**Your task:**
Wherever the word "ring" appears in a line of the data, that line should be copied.

Material shown START

(* There exist constants $C>0$ and $N$ such that for all integers $n\ge N$ and all $g\ge1$, \[0< s(n,g)\le \frac{C}{n^2}.\] That is, $s(n,g)=O(1/n^2)$ as $n\to\infty$, uniformly in $g$.
   Context: Define $\lambda:[0,\infty)\to(0,1/4]$ by $\lambda(0)=1/4$ and, for $\theta>0$, $\lambda(\theta)$ is the unique $\lambda\in(0,1/4)$ with $-1+\frac{\operatorname{artanh}(\sqrt{1-4\lambda})}{\sqrt{1-4\lambda}}=\theta$. For $\theta>0$ set $f(\theta)=-\ln\lambda(\theta)-2\theta-\theta\ln(1-4\lambda(\theta))$ and $j(\theta)=-\tfrac12\ln(1-4(\theta+1)\lambda(\theta))+\tfrac12\ln 2$. For integers $n\ge1$, $g\ge1$ let \[\Omega(n,g)=\frac{\sqrt g\,g^g}{\sqrt{2\pi}\,e^g\,g!}\,n^{2g-2}\exp\!\Big(nf\big(\tfrac gn\big)+j\big(\tfrac gn\big)\Big),\qquad \Omega(n,0)=\frac{4^n n^{-3/2}}{\sqrt{2\pi}},\] and $s(n,g)=\Omega(n,g-1)/\Omega(n,g)$ for $n,g\ge1$. *)

From Stdlib Require Import Reals ClassicalEpsilon Arith Factorial.
Open Scope R_scope.

Definition artanh (x : R) : R := / 2 * ln ((1 + x) / (1 - x)).

Definition lam_eq (theta l : R) : Prop :=
  0 < l < / 4 /\
  -1 + artanh (sqrt (1 - 4 * l)) / sqrt (1 - 4 * l) = theta.

(* lambda(0) = 1/4; for theta > 0, the (unique) l in (0,1/4) solving lam_eq;
   chosen by Hilbert's epsilon (the paper asserts existence and uniqueness). *)
Definition lam (theta : R) : R :=
  if Req_EM_T theta 0 then / 4
  else epsilon (inhabits (/ 4)) (fun l => lam_eq theta l).

Definition f_fun (theta : R) : R :=
  - ln (lam theta) - 2 * theta - theta * ln (1 - 4 * lam theta).

Definition j_fun (theta : R) : R :=
  - / 2 * ln (1 - 4 * (theta + 1) * lam theta) + / 2 * ln 2.

Definition Omega (n g : nat) : R :=
  match g with
  | O => 4 ^ n * / (INR n * sqrt (INR n)) / sqrt (2 * PI)
  | S _ =>
      let gr := INR g in
      let nr := INR n in
      sqrt gr * gr ^ g / (sqrt (2 * PI) * exp gr * INR (fact g))
      * nr ^ (2 * g - 2)
      * exp (nr * f_fun (gr / nr) + j_fun (gr / nr))
  end.

Definition s (n g : nat) : R := Omega n (g - 1) / Omega n g.

From Stdlib Require Import Reals Lra Lia Psatz Ranalysis5 ClassicalEpsilon Factorial.
From Coquelicot Require Import Coquelicot.
Open Scope R_scope.

(* Parametrize theta > 0 by x = sqrt (1 - 4 lambda(theta)) in (0,1): then
   theta = artanh x / x - 1 and lambda = (1 - x^2) / 4.  Everything follows from
   the two Taylor bounds x + x^3/3 <= artanh x <= (x - 2x^3/3) / (1 - x^2).
   In this parametrization df/dtheta = -2 ln x >= 0 and f >= ln 4, while
   q = 1 - 4 (theta + 1) lambda, for which exp j = sqrt (2 / q), lies between
   min(theta, 1/3) and min(3 theta, 1).  For g >= 2 the quotient
   Omega(n,g-1) / Omega(n,g) is therefore at most e (ratio of the Stirling-type
   prefactors) times n^-2 times 1 (monotonicity of f) times sqrt 6 (from
   theta_g <= 2 theta_(g-1)); for g = 1 the bound f >= ln 4 absorbs 4^n and
   q(1/n) <= 3/n supplies the missing factor n^(-1/2). *)

Lemma le_of_is_derive_nonneg (phi dphi : R -> R) (a b : R) :
  a <= b ->
  (forall c, a <= c <= b -> is_derive phi c (dphi c)) ->
  (forall c, a < c < b -> 0 <= dphi c) ->
  phi a <= phi b.
Proof.
  intros Hab Hd Hpos.
  destruct (Req_dec a b) as [<-|Hne]; [lra|].
  destruct (MVT_cor2 phi dphi a b) as [c [Hc Hcab]]; [lra| |].
  - intros c Hc. apply is_derive_Reals, Hd, Hc.
  - pose proof (Hpos c Hcab). nra.
Qed.

Lemma ln_le_sub_1 x : 0 < x -> ln x <= x - 1.
Proof. intros Hx. pose proof (exp_ineq1_le (ln x)). rewrite exp_ln in H; lra. Qed.

Lemma exp_le_compat x y : x <= y -> exp x <= exp y.
Proof.
  intros [Hlt|Heq]; [apply Rlt_le, exp_increasing, Hlt | rewrite Heq; apply Rle_refl].
Qed.

Lemma artanh_0 : artanh 0 = 0.
Proof. unfold artanh. replace ((1 + 0) / (1 - 0)) with 1 by field. rewrite ln_1; ring. Qed.

Lemma cubic_le_artanh x : 0 <= x < 1 -> x + x ^ 3 / 3 <= artanh x.
Proof.
  intros Hx.
  set (phi t := artanh t - t - t ^ 3 / 3).
  assert (H : phi 0 <= phi x).
  { apply (le_of_is_derive_nonneg phi (fun t => t ^ 4 / ((1 - t) * (1 + t)))); [lra| |].
    - intros c Hc. unfold phi, artanh. auto_derive.
      + repeat split; try lra. apply Rdiv_lt_0_compat; lra.
      + field. repeat split; lra.
    - intros c Hc. apply Rdiv_le_0_compat; [nra|]. apply Rmult_lt_0_compat; lra. }
  unfold phi in H. rewrite artanh_0 in H. lra.
Qed.

Lemma one_sub_sqr_mul_artanh_le x :
  0 <= x < 1 -> (1 - x * x) * artanh x <= x - 2 * x ^ 3 / 3.
Proof.
  intros Hx.
  set (phi t := t - 2 * t ^ 3 / 3 - (1 - t * t) * artanh t).
  assert (H : phi 0 <= phi x).
  { apply (le_of_is_derive_nonneg phi (fun t => 2 * t * (artanh t - t))); [lra| |].
    - intros c Hc. unfold phi, artanh. auto_derive.
      + repeat split; try lra. apply Rdiv_lt_0_compat; lra.
      + change ((1 + c) / (1 - c)) with ((1 + c) * / (1 + - c)). field. repeat split; lra.
    - intros c Hc. pose proof (cubic_le_artanh c ltac:(lra)). nra. }
  unfold phi in H. rewrite artanh_0 in H. lra.
Qed.

Definition theta_of (x : R) : R := artanh x / x - 1.

Lemma theta_of_lower x : 0 < x < 1 -> x * x / 3 <= theta_of x.
Proof.
  intros Hx. pose proof (cubic_le_artanh x ltac:(lra)).
  unfold theta_of. apply (Rmult_le_reg_r (3 * x)); [lra|].
  field_simplify; lra.
Qed.

Lemma theta_of_upper x : 0 < x < 1 -> theta_of x <= x * x / (3 * (1 - x * x)).
Proof.
  intros Hx. pose proof (one_sub_sqr_mul_artanh_le x ltac:(lra)).
  unfold theta_of. apply (Rmult_le_reg_r (3 * x * (1 - x * x))); [nra|].
  field_simplify; nra.
Qed.

Definition dtheta_of (x : R) : R := (x - (1 - x * x) * artanh x) / (x * x * (1 - x * x)).

Lemma is_derive_theta_of x : 0 < x < 1 -> is_derive theta_of x (dtheta_of x).
Proof.
  intros Hx. unfold theta_of, dtheta_of, artanh. auto_derive.
  - repeat split; try lra. apply Rdiv_lt_0_compat; lra.
  - change ((1 + x) / (1 - x)) with ((1 + x) * / (1 + - x)). field. repeat split; nra.
Qed.

Lemma dtheta_of_nonneg x : 0 < x < 1 -> 0 <= dtheta_of x.
Proof.
  intros Hx. unfold dtheta_of. pose proof (one_sub_sqr_mul_artanh_le x ltac:(lra)).
  apply Rdiv_le_0_compat; [nra|]. apply Rmult_lt_0_compat; nra.
Qed.

Lemma theta_of_le x y : 0 < x <= y -> y < 1 -> theta_of x <= theta_of y.
Proof.
  intros Hx Hy.
  apply (le_of_is_derive_nonneg theta_of dtheta_of); [lra| |].
  - intros c Hc. apply is_derive_theta_of. lra.
  - intros c Hc. apply dtheta_of_nonneg. lra.
Qed.

Lemma theta_of_surjective th : 0 < th -> exists x, 0 < x < 1 /\ theta_of x = th.
Proof.
  intros Hth.
  set (e := Rmin (/ 2) th).
  assert (He : 0 < e <= / 2 /\ e <= th).
  { unfold e. split; [split|]; [apply Rmin_pos; lra | apply Rmin_l | apply Rmin_r]. }
  assert (Hthe : theta_of e < th).
  { pose proof (theta_of_upper e ltac:(lra)).
    enough (e * e / (3 * (1 - e * e)) < e) by lra.
    apply (Rmult_lt_reg_r (3 * (1 - e * e))); [nra|]. field_simplify; nra. }
  (* [y] solves [artanh y = th + 1], i.e. [y = tanh (th + 1)]. *)
  set (E := exp (2 * th + 2)).
  assert (HE : 1 < E) by (pose proof (exp_ineq1_le (2 * th + 2)); unfold E; lra).
  set (y := (E - 1) / (E + 1)).
  assert (Hy : 0 < y < 1).
  { unfold y. split; [apply Rdiv_lt_0_compat; lra|].
    apply (Rmult_lt_reg_r (E + 1)); [lra|]. field_simplify; lra. }
  assert (Hthy : th < theta_of y).
  { assert (artanh y = th + 1).
    { unfold artanh. replace ((1 + y) / (1 - y)) with E by (unfold y; field; lra).
      unfold E. rewrite ln_exp. field. }
    unfold theta_of. rewrite H. apply (Rmult_lt_reg_r y); [lra|]. field_simplify; nra. }
  assert (Hey : e < y).
  { destruct (Rlt_or_le e y) as [|Hle]; [assumption|].
    pose proof (theta_of_le y e ltac:(lra) ltac:(lra)). lra. }
  destruct (IVT_interv (fun t => theta_of t - th) e y) as [z [Hz Hzth]]; try lra.
  - intros a Ha. apply continuity_pt_minus; [|apply continuity_pt_const; now intros ??].
    apply derivable_continuous_pt.
    exists (dtheta_of a). apply is_derive_Reals, is_derive_theta_of. lra.
  - exists z. split; lra.
Qed.

Lemma lam_param th : 0 < th ->
  exists x, 0 < x < 1 /\ theta_of x = th /\ lam th = (1 - x * x) / 4.
Proof.
  intros Hth. unfold lam. destruct (Req_EM_T th 0) as [|_]; [lra|].
  set (l := epsilon _ _).
  assert (Hl : lam_eq th l).
  { apply epsilon_spec. destruct (theta_of_surjective th Hth) as [x [Hx Hthx]].
    exists ((1 - x * x) / 4). split; [split; nra|].
    replace (1 - 4 * ((1 - x * x) / 4)) with (x * x) by field.
    rewrite sqrt_square by lra. unfold theta_of in Hthx. lra. }
  destruct Hl as [Hl Hlth].
  set (x := sqrt (1 - 4 * l)) in *.
  assert (Hx2 : x * x = 1 - 4 * l) by (apply sqrt_sqrt; lra).
  assert (0 < x) by (apply sqrt_lt_R0; lra).
  exists x. unfold theta_of. repeat split; nra.
Qed.

Definition f_param (x : R) : R :=
  - ln ((1 - x * x) / 4) - 2 * theta_of x - 2 * theta_of x * ln x.

Lemma f_fun_param th x : 0 < x < 1 -> theta_of x = th -> lam th = (1 - x * x) / 4 ->
  f_fun th = f_param x.
Proof.
  intros Hx Hthx Hl. unfold f_fun, f_param. rewrite Hl, <- Hthx.
  replace (1 - 4 * ((1 - x * x) / 4)) with (x * x) by field.
  rewrite ln_mult by lra. ring.
Qed.

(* Since [theta_of' + theta_of / x = x / (1 - x^2)], the derivative of [f_param]
   collapses to [-2 ln x * theta_of'], i.e. [df / dtheta = -2 ln x]. *)
Lemma f_param_le x y : 0 < x <= y -> y < 1 -> f_param x <= f_param y.
Proof.
  intros Hx Hy.
  apply (le_of_is_derive_nonneg f_param (fun t => - 2 * ln t * dtheta_of t)); [lra| |].
  - intros c Hc. unfold f_param, theta_of, dtheta_of, artanh. auto_derive.
    + repeat split; try lra; try (apply Rdiv_lt_0_compat; lra).
      apply Rmult_lt_0_compat; nra.
    + change ((1 + c) / (1 - c)) with ((1 + c) * / (1 + - c)). field. repeat split; nra.
  - intros c Hc.
    assert (ln c < 0) by (rewrite <- ln_1; apply ln_increasing; lra).
    pose proof (dtheta_of_nonneg c ltac:(lra)). nra.
Qed.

Material shown END

**Task answer:**
Proof. unfold artanh. replace ((1 + 0) / (1 - 0)) with 1 by field. rewrite ln_1; ring. Qed.
  rewrite ln_mult by lra. ring.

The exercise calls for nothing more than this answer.